» **Exercise objective**
Set out exactly, line by line, the stretch of data below that begins at the line containing "partitions of dimension" and ends at the line containing "< wdist x y.", with both ends kept.

» **Provided data**
(* Every partition $F\subseteq S^d$ that is a $k$-neighborly family for some $k\leqslant 2$ is a total lamination.
   Context: Let $S=\{0,1,\ast\}$ and let $S^d$ be the set of strings of length $d$ over $S$; the symbol $\ast$ is called a joker, and $j(x)$ denotes the number of jokers in $x\in S^d$. For $x,y\in S^d$, $d(x,y)$ is the number of positions $i\in[d]$ such that one of $x_i,y_i$ equals $0$ and the other equals $1$. A family $F\subseteq S^d$ is $k$-neighborly if $1\leqslant d(x,y)\leqslant k$ for all distinct $x,y\in F$. A $k$-neighborly family $F$ is a partition if $\sum_{x\in F}2^{j(x)}=2^d$. For $s\in S$ and $i\in[d]$, $F^{i,s}$ denotes the set of strings in $F$ having symbol $s$ at position $i$. A family $F\subseteq S^d$ is a lamination if it is a partition and $F=F^{i,0}\cup F^{i,1}$ for some $i\in[d]$. For $v\in S^d$ and $i\in[d]$, $v_{-i}$ is the string of length $d-1$ obtained by deleting the $i$-th letter of $v$, and $F_{-i}=\{v_{-i}:v\in F\}$. Total laminations are defined recursively on $d$: for every $d\geqslant 1$, the one-element family $\{\ast\ast\cdots\ast\}\subseteq S^d$ and the full cube $\{0,1\}^d\subseteq S^d$ are total laminations; and a lamination $F\subseteq S^d$ is a total lamination if there is $i\in[d]$ with $F=F^{i,0}\cup F^{i,1}$ such that both $(F^{i,0})_{-i}$ and $(F^{i,1})_{-i}$ are total laminations (in $S^{d-1}$). *)

From mathcomp Require Import all_boot.
Set Implicit Arguments. Unset Strict Implicit. Unset Printing Implicit Defensive.

(* Alphabet S = {0,1,*} encoded as option bool:
   Some false = 0, Some true = 1, None = joker *. *)
Definition sym := option bool.
Definition s0 : sym := Some false.
Definition s1 : sym := Some true.
Definition joker : sym := None.

Definition word (d : nat) := {ffun 'I_d -> sym}.

Definition jokers d (x : word d) : nat := #|[set i | x i == joker]|.

Definition wdist d (x y : word d) : nat :=
  #|[set i | ((x i == s0) && (y i == s1)) || ((x i == s1) && (y i == s0))]|.

Definition neighborly d (k : nat) (F : {set word d}) : Prop :=
  forall x y, x \in F -> y \in F -> x != y -> 1 <= wdist x y <= k.

Definition is_partition d (F : {set word d}) : Prop :=
  (exists k, neighborly k F) /\ \sum_(x in F) 2 ^ jokers x = 2 ^ d.

Definition fam_at d (F : {set word d}) (i : 'I_d) (s : sym) : {set word d} :=
  [set x in F | x i == s].

Definition del_letter d (i : 'I_d.+1) (v : word d.+1) : word d :=
  [ffun j => v (lift i j)].

Definition del_fam d (i : 'I_d.+1) (F : {set word d.+1}) : {set word d} :=
  [set del_letter i v | v in F].

Definition lamination_at d (F : {set word d}) (i : 'I_d) : Prop :=
  is_partition F /\ F = fam_at F i s0 :|: fam_at F i s1.

Definition all_joker d : word d := [ffun _ => joker].
Definition full_cube d : {set word d} := [set x : word d | [forall i, x i != joker]].

Inductive total_lamination : forall d : nat, {set word d} -> Prop :=
| TL_joker d : 1 <= d -> total_lamination [set all_joker d]
| TL_cube d : 1 <= d -> total_lamination (full_cube d)
| TL_split d (F : {set word d.+2}) (i : 'I_d.+2) :
    lamination_at F i ->
    total_lamination (del_fam i (fam_at F i s0)) ->
    total_lamination (del_fam i (fam_at F i s1)) ->
    total_lamination F.

From mathcomp Require Import all_boot all_algebra zify.
Set Implicit Arguments. Unset Strict Implicit. Unset Printing Implicit Defensive.
Import GRing.Theory Num.Theory.

(** Fix a 2-neighborly partition F with at least two words, let x be
    a word of F with the most non-joker letters and S its set of non-joker
    positions.  Summing the character p |-> (-1)^(sum_(i in S) p_i) over the cube
    {0,1}^d gives 0, and grouping the sum by the subcube of F containing p, a word
    whose non-joker positions do not contain S contributes 0 while one whose
    non-joker positions contain S (hence equal S, by maximality) contributes
    +-2^(jokers).  So some y in F has the same non-joker positions as x and the
    opposite sign, i.e. d(x,y) is odd, hence 1: x and y differ in a single letter
    i.  Merging them into one word with a joker at i yields a smaller 2-neighborly
    partition; by induction on |F| it has a coordinate m <> i where no word has a
    joker, and then so does F.  Splitting F along m gives two 2-neighborly
    partitions of dimension d-1, and induction on d yields a total lamination. *)

Definition vertex d := {ffun 'I_d -> bool}.

Definition covers d (w : word d) (p : vertex d) : bool :=
  [forall i, (w i == joker) || (w i == Some (p i))].

Definition covered d (F : {set word d}) (p : vertex d) : bool :=
  [exists w in F, covers w p].

Definition covering d (F : {set word d}) : Prop := forall p, covered F p.

Definition separated d (F : {set word d}) : Prop :=
  forall x y, x \in F -> y \in F -> x != y -> 0 < wdist x y.

Definition support d (w : word d) : {set 'I_d} := [set i | w i != joker].

Definition vertex_of d (w : word d) : vertex d := [ffun i => w i == s1].

Definition clash d (x y : word d) (i : 'I_d) : bool :=
  ((x i == s0) && (y i == s1)) || ((x i == s1) && (y i == s0)).

Section Words.

Variable d : nat.
Implicit Types (x y w : word d) (p : vertex d) (F : {set word d}).

Lemma wdistE x y : wdist x y = #|[set i | clash x y i]|.
Proof. by []. Qed.

Lemma clashC x y i : clash x y i = clash y x i.
Proof. by rewrite /clash; case: (x i) => [[]|]; case: (y i) => [[]|]. Qed.

Lemma clashxx x i : ~~ clash x x i.
Proof. by rewrite /clash; case: (x i) => [[]|]. Qed.

Lemma wdistC x y : wdist x y = wdist y x.
Proof. by rewrite !wdistE; apply: eq_card => i; rewrite !inE clashC. Qed.

Lemma wdist_gt0P x y : reflect (exists i, clash x y i) (0 < wdist x y).
Proof.
rewrite wdistE; apply: (iffP card_gt0P) => -[i].
  by rewrite inE; exists i.
by exists i; rewrite inE.
Qed.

» **Completed exercise**
    partitions of dimension d-1, and induction on d yields a total lamination. *)

Definition vertex d := {ffun 'I_d -> bool}.

Definition covers d (w : word d) (p : vertex d) : bool :=
  [forall i, (w i == joker) || (w i == Some (p i))].

Definition covered d (F : {set word d}) (p : vertex d) : bool :=
  [exists w in F, covers w p].

Definition covering d (F : {set word d}) : Prop := forall p, covered F p.

Definition separated d (F : {set word d}) : Prop :=
  forall x y, x \in F -> y \in F -> x != y -> 0 < wdist x y.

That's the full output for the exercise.